О своей комнате Вахнюк пел: «Мы живём одной семьёю. Все-любители стихов. Нас не двое и не трое – четверо холостяков!»
Вахнюк, наделённый исключительной памятью, часто цитировал наизусть своих друзей по МГПИ, помнил ранние песни Кима, которые тот сам давно не исполняет, студенческие поэтические опыты Коржикова, Ряшенцева, Кусургашева…Б. Вахнюк запомнил прекрасные стихи И. Склярова: «Даже солнце бы померкло перед горем, что стряслось… Но гляжу сегодня в зеркало: странно – нет седых волос! Слушай, друг, оставим жалобы, это боль – ещё не боль, что-то есть сильнее, стало быть, чем нескладная любовь».
Была у Склярова ещё одна песня: «Не грусти, не грусти, не грусти, сердце в горькой тоске теребя! Ты меня, дорогая, прости, что целую тебя, не любя. Ты мечтаешь о нежной любви, ищешь ласковых, трепетных встреч. Я ж весеннюю свежесть в крови не сумел для тебя уберечь. Если хочешь, в обиде вини, можешь с тайным укором глядеть. Только холодно прочь не гони, дай иззябшую душу согреть». «18-летний сопляк писал! – восхищался Борис Савельич. – Это же романс шикарный! Я сочинил мелодию, и мы пели её на всех концертах. Сейчас отдать попсе – был бы шлягер. Игорь уехал в Дагестан, женился на своей ученице, а потом следы его потерялись…»Кажется, они все в студенческие годы искрились счастьем, ощущением полноты жизни. Их песни и стихи – жизнерадостные, озорные. Вот песенка «Поздно ночью на бульварике»,
сочинённая, кажется, Ю. Кимом и исполненная в одном из обозрений. Этакая куммулятивная песенка по типу «Десять поросят пошли купаться в море». Или басня, написанная Вахнюком на сюжет албанской сказки, рассказанной студентом-албанцем Камилем Буджели. Сюжет действительно уморительный и текст озорной. Про то, как старая жена и молодая любовница выщипывают у героя песни волосы.Современным студентам очень нравилась в исполнении Вахнюка юмористическая песенка в латиноамериканском стиле, «коллективное дитя» нескольких авторов, про которую Вахнюк рассказывал: «Прибилась к нашей комнате песенка, носившая на себе печать веков, разных наслоений. Мы её причесали, пригладили».

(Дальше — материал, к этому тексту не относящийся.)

(* Taylor expansion of the odd function [psi'] to third order at 0. *)
Lemma Derive_potential_cubic : exists M, 0 <= M /\
  forall a, Rabs a <= 1/3 ->
    Rabs (Derive psi a - Derive_n psi 2 0 * a) <= M * Rabs a ^ 3.
Proof.
  destruct Derive4_potential_bounded as [M [HM HMb]].
  assert (Hodd : forall n, (-1) ^ n = -1 -> (n <= 4)%nat -> Derive_n psi n 0 = 0).
  { intros n Hs Hn. pose proof (Derive_n_potential_opp n 0) as E.
    rewrite Ropp_0, Hs, Rabs_R0 in E. specialize (E ltac:(lra) Hn). lra. }
  assert (Hpos : forall a, 0 < a <= 1/3 ->
    Rabs (Derive psi a - Derive_n psi 2 0 * a) <= M * a ^ 3).
  { intros a Ha.
    destruct (Taylor_Lagrange (Derive_n psi 1) 2 0 a ltac:(lra)) as [z [Hz E]].
    { intros t Ht k Hk. apply ex_derive_n_Derive_n1, potential_smooth_near0;
        [rewrite Rabs_pos_eq|]; lia || lra. }
    change (Derive psi a) with (Derive_n psi 1 a). rewrite E. cbn [sum_f_R0].
    rewrite !Derive_n_comp. cbn [Nat.add].
    rewrite (Hodd 1%nat), (Hodd 3%nat) by (simpl; lra || lia).
    cbn [fact INR].
    match goal with |- Rabs ?e <= _ => replace e with (a ^ 3 / 6 * Derive_n psi 4 z) by (simpl; field) end.
    rewrite Rabs_mult, Rabs_pos_eq by (apply Rmult_le_pos; [apply pow_le|]; lra).
    specialize (HMb z ltac:(lra)). assert (0 < a ^ 3) by (apply pow_lt; lra). nra. }
  exists M. split; [exact HM|]. intros a Ha.
  destruct (Rtotal_order a 0) as [Hn|[->|Hp]].
  - rewrite (Rabs_left a) in Ha |- * by lra.
    change (Derive psi a) with (Derive_n psi 1 a).
    rewrite (Derive_n_potential_opp 1 a) by (try rewrite (Rabs_left a); lra || lia).
    specialize (Hpos (- a) ltac:(lra)).
    replace ((-1) ^ 1 * Derive_n psi 1 (- a) - Derive_n psi 2 0 * a)
      with (- (Derive_n psi 1 (- a) - Derive_n psi 2 0 * - a)) by ring.
    rewrite Rabs_Ropp. exact Hpos.
  - change (Derive psi 0) with (Derive_n psi 1 0).
    rewrite (Hodd 1%nat) by (simpl; lra || lia).
    replace (0 - Derive_n psi 2 0 * 0) with 0 by ring. rewrite Rabs_R0. simpl. lra.
  - rewrite (Rabs_pos_eq a) in Ha |- * by lra. apply Hpos. lra.
Qed.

И получилась музыкальная история с известным сюжетом: юноша влюбился в молодую красавицу, которая при ближайшем рассмотрении оказалась старухой с искусственным бюстом, протезом и т. п. Вахнюк пел эту песню «молодым голосом», с мексиканскими руладами на радость слушателям.В зрелых стихах Борис Вахнюк запечатлел образ поэта-диссидента Ильи Габая, соседа по общежитию. Реальный случай, когда Габай во время очередных посиделок за неимением словесных аргументов выкинул из окна общежития казённую тумбочку, лёг в основу стихотворения-посвящения Габаю, в котором за лёгкостью формы – боль и горечь. «Поэт, очкарик, книгочей – за тридцать лет до дыр озонных мы были выше всех вещей, тем более вещей казённых. Что груз годов непрожитых! Что непрочитанный философ, – у общежития святых ответов больше, чем вопросов. И больше грусти, чем острот, хотя стакан по венчик налит. Зато чернавка у ворот на это раз не нам сигналит. А завтра – всё наоборот? И, наплевав на провиденье, избрать себе из всех свобод одно свободное паденье туда, где вечно ясен свет, где спит Пегас, своё отцокав, где, как ни вглядывайся, нет посмертно изгнанных пророков?.. Над тёплым пеплом бытия, туда, где лики, а не лица, летит пророк Габай Илья и всё никак не приземлится».